Tuesday, May 24, 2016

The 36 Rep Challenge

Following the 100 rep challenge I wanted to try a version that was more strength oriented and less endurance oriented.  Here it is:

With as little rest as possible between pieces, 

6 assisted pistol squats on the left leg
6 assisted pistol squats on the right leg
6 dips with a 2 second pause at the top and bottom
6 pull-ups with a 1 second pause at the top
6 feet-elevated slow diamond push-ups
6 sissy squats

Next will be a 50 rep challenge with 5 x 10 of something....

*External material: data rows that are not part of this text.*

(* Let $k$ be a field and $r$ a positive integer. The free metabelian Lie algebra $F_r$ over $k$ is equationally Noetherian: for every $n\in\mathbb{N}$ and every system $S\subseteq F_r[x_1,\dots,x_n]$ there exists a finite subsystem $S_0\subseteq S$ with $V_{F_r}(S)=V_{F_r}(S_0)$.
   Context: $F_r[X]=F_r\ast F(X)$ is the free product of $F_r$ with the free Lie $k$-algebra on $X=\{x_1,\dots,x_n\}$ (the free $F_r$-algebra on $X$). For $S\subseteq F_r[X]$, $V_{F_r}(S)=\{p\in F_r^n: f(p)=0\ \forall f\in S\}$. *)

From mathcomp Require Import all_boot all_order all_algebra.
Set Implicit Arguments. Unset Strict Implicit. Unset Printing Implicit Defensive.
Import GRing.Theory.
Local Open Scope ring_scope.

Definition is_lie_bracket (K : fieldType) (V : lmodType K) (br : V -> V -> V) : Prop :=
  [/\ (forall (a : K) (x y z : V), br (a *: x + y) z = a *: br x z + br y z),
      (forall (a : K) (x y z : V), br z (a *: x + y) = a *: br z x + br z y),
      (forall x : V, br x x = 0) &
      (forall x y z : V, br x (br y z) + br y (br z x) + br z (br x y) = 0)].

Definition is_metabelian (K : fieldType) (V : lmodType K) (br : V -> V -> V) : Prop :=
  forall a b c d : V, br (br a b) (br c d) = 0.

Definition is_lie_hom (K : fieldType) (V W : lmodType K)
  (brV : V -> V -> V) (brW : W -> W -> W) (f : V -> W) : Prop :=
  (forall (a : K) (x y : V), f (a *: x + y) = a *: f x + f y) /\
  (forall x y : V, f (brV x y) = brW (f x) (f y)).

Definition is_free_metabelian (K : fieldType) (r : nat) (M : lmodType K)
  (br : M -> M -> M) (e : 'I_r -> M) : Prop :=
  [/\ is_lie_bracket br, is_metabelian br &
      forall (W : lmodType K) (brW : W -> W -> W),
        is_lie_bracket brW -> is_metabelian brW ->
        forall g : 'I_r -> W,
          (exists phi : M -> W, is_lie_hom br brW phi /\ forall i, phi (e i) = g i) /\
          (forall phi psi : M -> W, is_lie_hom br brW phi -> is_lie_hom br brW psi ->
              (forall i, phi (e i) = g i) -> (forall i, psi (e i) = g i) ->
              forall x, phi x = psi x)].

(* ---------- F_r[X] = F_r * F(X): Lie terms with constants in M ----------
   Every element of the free product F_r * F(x_1..x_n) is the value of such a
   term (F_r * F(X) is generated by F_r and X as a Lie algebra), and the
   evaluation at p in M^n is the F_r-homomorphism F_r[X] -> F_r
   sending x_i to p_i, i.e. term evaluation. *)
Inductive lterm (K : Type) (M : Type) (n : nat) : Type :=
  | LConst of M
  | LVar of 'I_n
  | LAdd of lterm K M n & lterm K M n
  | LScale of K & lterm K M n
  | LBr of lterm K M n & lterm K M n.

Fixpoint leval (K : fieldType) (M : lmodType K) (br : M -> M -> M) (n : nat)
  (p : 'I_n -> M) (t : lterm K M n) : M :=
  match t with
  | LConst a => a
  | LVar i => p i
  | LAdd t1 t2 => leval br p t1 + leval br p t2
  | LScale c t1 => c *: leval br p t1
  | LBr t1 t2 => br (leval br p t1) (leval br p t2)
  end.

Definition variety (K : fieldType) (M : lmodType K) (br : M -> M -> M) (n : nat)
  (S : lterm K M n -> Prop) (p : 'I_n -> M) : Prop :=
  forall t, S t -> leval br p t = 0.

(* membership of a term in a finite list of terms (terms carry no eqType) *)
Fixpoint lmem (A : Type) (s : seq A) (t : A) : Prop :=
  match s with
  | [::] => False
  | u :: s' => u = t \/ lmem s' t
  end.

(* Every element of F_r is a linear combination of the generators e_j plus an
   element of the derived algebra D = [F_r, F_r], and since F_r is metabelian D
   is a module over K[t_1, ..., t_r], with t_j acting as [e_j, -].  Decompose the
   coordinates of a point likewise, p_i = sum_l a_il e_l + m_i.  Then a term t
   evaluates at p to sum_j lambda_j(a) e_j + sum_k delta_k(a, t) b_k, where the
   rows lambda in K[a]^r and delta in K[a][t]^N depend on t only and
   b = (m_1, ..., m_n, [e_j, e_l]).  As the e_j are independent modulo D, t vanishes
   at p iff both parts vanish, and these conditions are stable under
   K[a]-, resp. K[a][t]-linear combinations of the rows.  By Hilbert's basis
   theorem these free modules are noetherian, so the rows of finitely many
   equations of S span the rows of all of them. *)

From HB Require Import structures.
From mathcomp Require Import all_boot all_order all_algebra.
From Stdlib Require Import Classical ClassicalEpsilon.
Set Implicit Arguments. Unset Strict Implicit. Unset Printing Implicit Defensive.
Import GRing.Theory.
Local Open Scope ring_scope.

Lemma choice_with_default (A B : Type) (b0 : B) (P : A -> B -> Prop) :
  exists f : A -> B, forall a, (exists b, P a b) -> P a (f a).
Proof. by exists (fun a => epsilon (inhabits b0) (P a)) => a; apply: epsilon_spec. Qed.

Lemma lmem_cat (T : Type) (s t : seq T) x : lmem (s ++ t) x <-> lmem s x \/ lmem t x.
Proof. by elim: s => [|a s IH] /=; [tauto | rewrite IH; tauto]. Qed.
(* Let $\{x^k\}_k$, $\{z^k\}_k$ be generated by the normal map-based stochastic proximal gradient method described in the context. Then for all integers $0\le m<n$ and every sample $\omega$ with $L(\omega)<\infty$ (for $L(\omega)=\infty$ the right-hand sides below are interpreted as $+\infty$), \[ d_{m,n}\le\max_{m<i\le n}\|z^i-z^m\|\le(1+\tau_{m,n}\bar\tau_{m,n})\big[\tau_{m,n}\|F^\lambda_{\mathrm{nor}}(z^m)\|+s_{m,n}\big], \] \[ \|e^{m,n}\|\le\bar\tau_{m,n}\tau_{m,n}^2\|F^\lambda_{\mathrm{nor}}(z^m)\|+(1+\bar\tau_{m,n}\tau_{m,n})s_{m,n}. \]
   Context: Let $\varphi:\mathbb{R}^d\to(-\infty,\infty]$ be convex, lower semicontinuous and proper, let $f:\mathbb{R}^d\to\mathbb{R}$ be continuously differentiable on an open set containing $\mathrm{dom}\,\varphi$, and set $\psi=f+\varphi$. For $\lambda>0$ let $\mathrm{prox}_{\lambda\varphi}(x)=\operatorname{argmin}_y\{\varphi(y)+\frac{1}{2\lambda}\|x-y\|^2\}$, $\mathrm{env}_{\lambda\varphi}(x)=\min_y\{\varphi(y)+\frac1{2\lambda}\|x-y\|^2\}$ (so $\nabla\mathrm{env}_{\lambda\varphi}(x)=(x-\mathrm{prox}_{\lambda\varphi}(x))/\lambda$), and define the normal map $F^\lambda_{\mathrm{nor}}(z)=\nabla f(\mathrm{prox}_{\lambda\varphi}(z))+\frac1\lambda(z-\mathrm{prox}_{\lambda\varphi}(z))$. Method: on a filtered probability space $(\Omega,\mathcal F,\{\mathcal F_k\}_k,\mathbb P)$, with $\lambda>0$, step sizes $\{\alpha_k\}_k\subset(0,\infty)$, deterministic $z^0$, $x^0=\mathrm{prox}_{\lambda\varphi}(z^0)$, and $\mathcal F_{k+1}$-measurable random vectors $g^k$, set $z^{k+1}=z^k-\alpha_k(g^k+\nabla\mathrm{env}_{\lambda\varphi}(z^k))$, $x^{k+1}=\mathrm{prox}_{\lambda\varphi}(z^{k+1})$, $k=0,1,\dots$. Let $e^k=g^k-\nabla f(x^k)$. Trajectory Lipschitz modulus: $L(\omega)=\sup_{\bar x\in\mathrm{cl}(\mathrm{conv}\{x^k(\omega)\}_k)}\mathrm{lip}\,\nabla f(\bar x)$, where $\mathrm{lip}\,\nabla f(\bar x)=\limsup_{x,x'\to\bar x,\,x\ne x'}\|\nabla f(x)-\nabla f(x')\|/\|x-x'\|$. Notation: $\tau_{m,n}=\sum_{i=m}^{n-1}\alpha_i$; $\bar\tau_{m,n}=(L+\frac2\lambda)\exp((L+\frac2\lambda)\tau_{m,n})$; $s_{m,n}=\max_{m<j\le n}\|\sum_{i=m}^{j-1}\alpha_ie^i\|$; $d_{m,n}=\max_{m<i\le n}\|x^i-x^m\|$; $e^{m,n}=-\sum_{i=m}^{n-1}\alpha_i[F^\lambda_{\mathrm{nor}}(z^i)-F^\lambda_{\mathrm{nor}}(z^m)]-\sum_{i=m}^{n-1}\alpha_ie^i$ (so that $z^n=z^m-\tau_{m,n}F^\lambda_{\mathrm{nor}}(z^m)+e^{m,n}$). *)

From mathcomp Require Import all_boot all_order all_algebra.
From mathcomp Require Import all_classical all_reals all_analysis.
Set Implicit Arguments. Unset Strict Implicit. Unset Printing Implicit Defensive.
Import Order.TTheory GRing.Theory Num.Theory.
Local Open Scope ring_scope.
Local Open Scope classical_set_scope.

Section Defs.
Variables (R : realType) (d : nat).
Notation V := 'rV[R]_d.

Definition dotv (u v : V) : R := \sum_(i < d) u ord0 i * v ord0 i.
Definition enorm (v : V) : R := Num.sqrt (dotv v v).

Definition domf (phi : V -> \bar R) : set V := [set x | (phi x < +oo)%E].

Definition convex_efun (phi : V -> \bar R) : Prop :=
  forall (x y : V) (t : R), 0 < t < 1 ->
    (phi (t *: x + (1 - t) *: y)%R <= t%:E * phi x + (1 - t)%:E * phi y)%E.

Definition lsc_efun (phi : V -> \bar R) : Prop :=
  forall (x : V) (a : \bar R), (a < phi x)%E ->
    exists2 eps : R, 0 < eps & forall y : V, enorm (y - x) < eps -> (a < phi y)%E.

Definition proper_efun (phi : V -> \bar R) : Prop :=
  (forall x, phi x != -oo%E) /\ exists x, (phi x < +oo)%E.

Definition open_e (U : set V) : Prop :=
  forall x, U x -> exists2 eps : R, 0 < eps & forall y, enorm (y - x) < eps -> U y.

Definition is_grad (f : V -> R) (g : V) (x : V) : Prop :=
  forall eps : R, 0 < eps -> exists2 del : R, 0 < del & forall y : V,
    enorm (y - x) < del -> `|f y - f x - dotv g (y - x)| <= eps * enorm (y - x).

Definition C1_on_open_nbhd_of_dom (f : V -> R) (gf : V -> V) (phi : V -> \bar R)
  : Prop :=
  exists U : set V, [/\ open_e U, domf phi `<=` U,
    (forall x, U x -> is_grad f (gf x) x) &
    (forall x, U x -> forall eps : R, 0 < eps -> exists2 del : R, 0 < del &
       forall y, U y -> enorm (y - x) < del -> enorm (gf y - gf x) < eps)].

Definition is_prox (phi : V -> \bar R) (lam : R) (p : V -> V) : Prop :=
  forall x y : V,
    (phi (p x) + (enorm (x - p x) ^+ 2 / (2 * lam))%:E
       <= phi y + (enorm (x - y) ^+ 2 / (2 * lam))%:E)%E.

(* gradient of the Moreau envelope, (x - prox x)/lam *)
Definition genv (p : V -> V) (lam : R) (x : V) : V := lam^-1 *: (x - p x).

Definition Fnor (gf : V -> V) (p : V -> V) (lam : R) (z : V) : V :=
  gf (p z) + genv p lam z.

PS, I just finished the 36 rep challenge.  The dips were easy, the pull-ups were very difficult.  Next time I'll do them first.

Monday, May 23, 2016

Showing up is 99.3% of the battle, 100 rep challenge

I've spent a lot of time and effort thinking about sets and reps and schemes and workouts.  I always worry if I'm doing enough reps, or too many.  And sets.  And exercises.  Often I think, hm, maybe I should just focus on x, y and z and forget about a, b and c.  Who doesn't?  But what I've realized is that showing up day after day, week after week, year after year, is really almost all that matters.  I'm still doing calisthenics every day and have been for at least five years.  And with the exception a few unimpressive, dubious forays into body-part "splits" I've pretty much worked the whole body every day.  So yesterday was another success and today will be yet another.  I haven't done everything correctly or incorrectly and I could surely be stronger than I am now, but where would I be if I hadn't done what I've done every day for the last five years?  And you can't fake five years of work.  Whatever it is, it's solid.

With that in mind, yesterday I did the 100 rep challenge from Al Kavadlo.  I love Al Kavadlo.  He's so well spoken and has such a great attitude.  He's as good as it gets.

The 100 rep challenge:

Each piece on its own isn't too difficult, but put them together and... With as little rest as possible between exercises, which for me was 10 to 30 seconds....

40 deep squats
30 regular push-ups
20 hanging knee raises
10 pull-ups

Lots of panting.....

The hardest part for me was the knee raises because I don't normally do them and my pull-up bar isn't quite high enough to extend the legs all the way down.  So I ended up keeping them bent and raising them up and then all the way down so the knees were pointing at the floor.  But hanging for that long was also difficult and made the 10 pull-ups at the end VERY challenging.

I think I want to try variations of this with more difficult movements so the challenge is more strength than endurance.